On Stars’ new album “There is No Love in Flu- orescent Light,” singer Torquil Campbell belts out the chorus of “The Maze” loud enough to make microphones unnecessary. Seventeen years into the Montreal indie pop band’s history, he’s never let loose on a record quite like that — but Stars still find ways to tinker with its sound.

amNewYork caught up with Campbell to talk about Smiths-ian lyrics, idealism and the legacy of Gord Downie, the late lead singer of Tragically Hip, who died last month.

I’ve always associated Stars with a certain sort of idealism, but in these . . .

I don’t feel idealistic! I think our band has always been a dichotomy between Amy [Millan’s] positivity as a person and my negativity as a person; my sense that things are doomed and her sense that things will always be OK in the end. That very much is a part of what makes us work. I do have idealism about art’s potential to change things. And I do have an enormous amount of faith in the sense I get that if you start a band with your friends, and accept your weakness and accept your [expletive], and embrace it and celebrate it, that has an amazing transformative power. Art can change things.
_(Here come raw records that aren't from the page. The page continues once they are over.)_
Lemma maxAP_le_numAP_iota c m : (0 < c)%N ->
  (maxAP c m <= numAP c.+1 [seq i%:R : R | i <- iota 0 m])%N.
Proof.
move=> c_gt0; rewrite maxAP_sum //.
set s := [seq (j, d) | j <- iota 0 m, d <- iota 1 (j %/ c)%N].
have -> : sumn [seq (j %/ c)%N | j <- iota 0 m] = count predT s.
  rewrite count_predT size_allpairs_dep; congr sumn.
  by apply: eq_map => j; rewrite size_iota.
have mem_s p : p \in s -> [/\ (0 < p.2)%N, (c * p.2 <= p.1)%N & (p.1 < m)%N].
  case/allpairsPdep => j [d [+ + ->]]; rewrite !mem_iota /= add1n ltnS.
  by move=> jm /andP[d_gt0]; rewrite leq_divRL // mulnC.
(* (j, d) stands for the progression with last term j and difference d. *)
pose ap (p : nat * nat) : R * R := ((p.1 - c * p.2)%N%:R, (p.1 - c * p.2 + p.2)%N%:R).
rewrite numAPE; apply: (count_le_inj (f := ap)).
- apply: allpairs_uniq_dep => [|j _|]; rewrite ?iota_uniq //.
  by move=> [j d] [j' d'] _ _ [-> ->].
- move=> [j d] [j' d'] /mem_s[_ /= dj _] /mem_s[_ /= dj' _] [] /eqP + /eqP.
  rewrite !eqr_nat => /eqP e1 /eqP e2.
  have ed : d = d' by lia.
  by subst d'; congr pair; lia.
move=> [j d] /mem_s[] /= d_gt0 dj jm _.
have APjd : isAP c.+1 [seq i%:R : R | i <- iota 0 m] (ap (j, d)).
  apply/isAPP; split=> [|i ic] /=; first by rewrite ltr_nat; lia.
  rewrite ap_term_nat; apply: map_f; rewrite mem_iota /=.
  by have := leq_mul (ic : (i <= c)%N) (leqnn d); lia.
by rewrite APjd andbT (isAP_pairs _ APjd).
Qed.

End Progressions.

Lemma optimalAP_of_bound (R : realFieldType) c (V A B : seq R) :
  (0 < c)%N -> optimalAP c.+2 V -> uniq A -> uniq B -> size V = (size A + size B)%N ->
  size B = (size V %/ c.+1)%N \/ size B = ((size V + c) %/ c.+1)%N ->
  (numAP c.+2 V <= numAP c.+1 A + numAP 2 B)%N -> optimalAP c.+1 A.
Proof.
move=> c_gt0 [uV optV] uA uB sV balB splitV; split=> // W uW sW.
have lowV : (maxAP c.+1 (size V) <= numAP c.+2 V)%N.
  apply: leq_trans (maxAP_le_numAP_iota R (size V) (ltn0Sn c)) (optV _ _ _).
    by rewrite map_inj_uniq ?iota_uniq // => i j /eqP; rewrite eqr_nat => /eqP.
  by rewrite size_map size_iota.
have := leq_trans lowV (leq_trans splitV (leq_add (leqnn _) (numAP2_le uB))).
rewrite (maxAP_peel c_gt0 balB) {1}sV addnK leq_add2r => lowA.
by apply: leq_trans lowA; rewrite -sW numAP_le_maxAP.
Qed.

Local Notation blocks Vs a n := (flatten [seq Vs j | j <- iota a n]).

Lemma mem_blocksP (T : eqType) (Vs : nat -> seq T) a n x :
  reflect (exists2 j, (a <= j < a + n)%N & x \in Vs j) (x \in blocks Vs a n).
Proof.
by apply: (iffP flatten_mapP) => -[j jr xj]; exists j; rewrite ?mem_iota in jr *.
Qed.

Section OrderlyDecomposition.
Variables (R : realFieldType) (l : nat) (V : seq R) (Vs : nat -> seq R).
Hypothesis decV : orderly_decomp l V Vs.

Lemma uniq_blocks a n : (a + n <= l)%N -> uniq (blocks Vs a n).
Proof.
have [uVs ltVs _] := decV.
elim: n a => [//|n IH] a an /=; rewrite cat_uniq uVs ?IH ?andbT; try lia.
apply/hasPn => y /mem_blocksP[j jr yj]; apply/negP => ya.
have /andP[aj jl] : (a < j < l)%N by apply/andP; split; lia.
by have := ltVs a j aj jl y y ya yj; rewrite ltxx.
Qed.

Lemma uniq_orderly_decomp : uniq (blocks Vs 0 l).
Proof. exact: uniq_blocks. Qed.

Lemma size_orderly_decomp : uniq V -> size V = size (blocks Vs 0 l).
Proof.
move=> uV; have [_ _ eV] := decV.
by apply/perm_size/uniq_perm => //; apply: uniq_orderly_decomp.
Qed.

End OrderlyDecomposition.

Section BalancedDecomposition.
Variables (R : realFieldType) (c : nat) (V : seq R) (Vs : nat -> seq R).
Hypotheses (c_gt0 : (0 < c)%N) (optV : optimalAP c.+2 V)
  (decV : orderly_decomp c.+1 V Vs) (balV : balanced_decomp c.+1 V Vs).

Lemma optimalAP_lower_blocks : optimalAP c.+1 (blocks Vs 0 c).
Proof.
have [uVs ltVs eV] := decV; have sV := size_orderly_decomp decV optV.1.
have eF : blocks Vs 0 c.+1 = blocks Vs 0 c ++ Vs c.
  by rewrite -addn1 iotaD map_cat flatten_cat /= cats0.
have := uniq_orderly_decomp decV; rewrite eF cat_uniq => /and3P[uA _ uB].
have ltAB x y : x \in blocks Vs 0 c -> y \in Vs c -> x < y.
  by case/mem_blocksP=> i /andP[_ ic]; apply: (ltVs _ _ ic (ltnSn c)).
rewrite eF in eV sV; apply: optimalAP_of_bound c_gt0 optV uA uB _ (balV (ltnSn c)) _.
  by rewrite sV size_cat. by have := numAP_cat_le optV.1 eV ltAB c_gt0 (ltn0Sn 0); rewrite addn1.
Qed.

Lemma optimalAP_upper_blocks : optimalAP c.+1 (blocks Vs 1 c).
Proof.
have [uVs ltVs eV] := decV; have sV := size_orderly_decomp decV optV.1.
have := uniq_orderly_decomp decV; rewrite /= cat_uniq => /and3P[uB _ uA].
have ltBA x y : x \in Vs 0 -> y \in blocks Vs 1 c -> x < y.
  by move=> xB /mem_blocksP[j /andP[j_gt0 jc]]; apply: (ltVs 0 j j_gt0 jc) xB.
apply: optimalAP_of_bound c_gt0 optV uA uB _ (balV (ltn0Sn c)) _.
  by rewrite sV /= size_cat addnC. by have := numAP_cat_le optV.1 eV ltBA (ltn0Sn 0) c_gt0; rewrite add1n addnC.
Qed.

End BalancedDecomposition.

Theorem mainTheorem10 (R : realFieldType) (k : nat) (V : seq R) (Vs : nat -> seq R) :
  (3 <= k)%N ->
  optimalAP k V ->
  orderly_decomp k.-1 V Vs ->
  balanced_decomp k.-1 V Vs ->
  optimalAP k.-1 (flatten [seq Vs j | j <- iota 0 k.-2]) /\
  optimalAP k.-1 (flatten [seq Vs j | j <- iota 1 k.-2]).
Proof.
case: k => [|[|[|c]]] // _ optV decV balV.
by split; [apply: optimalAP_lower_blocks balV | apply: optimalAP_upper_blocks balV].
Qed.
On “We Called It Love,” you sing, “I don’t believe people ever change, but I’ve changed.” After almost 20 years of Stars, how have you changed?

Oh, I haven’t changed! At all! That’s what I like about the line: It’s one of those delusional things we say to ourselves when we’re driving in our car, crying because someone’s just hurt us or we feel like we haven’t gotten the love we deserve. Those are the best lines to write because you can feel the universality of them even as you write them. Of course it isn’t true: We all change and we all don’t . . . that to me is a very Smiths’ lyric. Morrissey’s always been very good at saying “the world is like this, but I am like this.” . . . We all think we’re special, and we all think we’ve got something solved that other people haven’t.

What is one thing that you and your band learned from Gord Downie?

So many things, man. What I took from Gord is play. Your job is to be a trickster. Your job is to show the audience in front of you the potential of play, the potential of weakness, and Gord took everything broken inside him and made it something beautiful. And he did it every day, with everyone he encountered.

If you go: Stars perform at Rough Trade Thursday-Saturday at 9 p.m., 64 N. Ninth St., Brooklyn, roughtradenyc.com, sold out.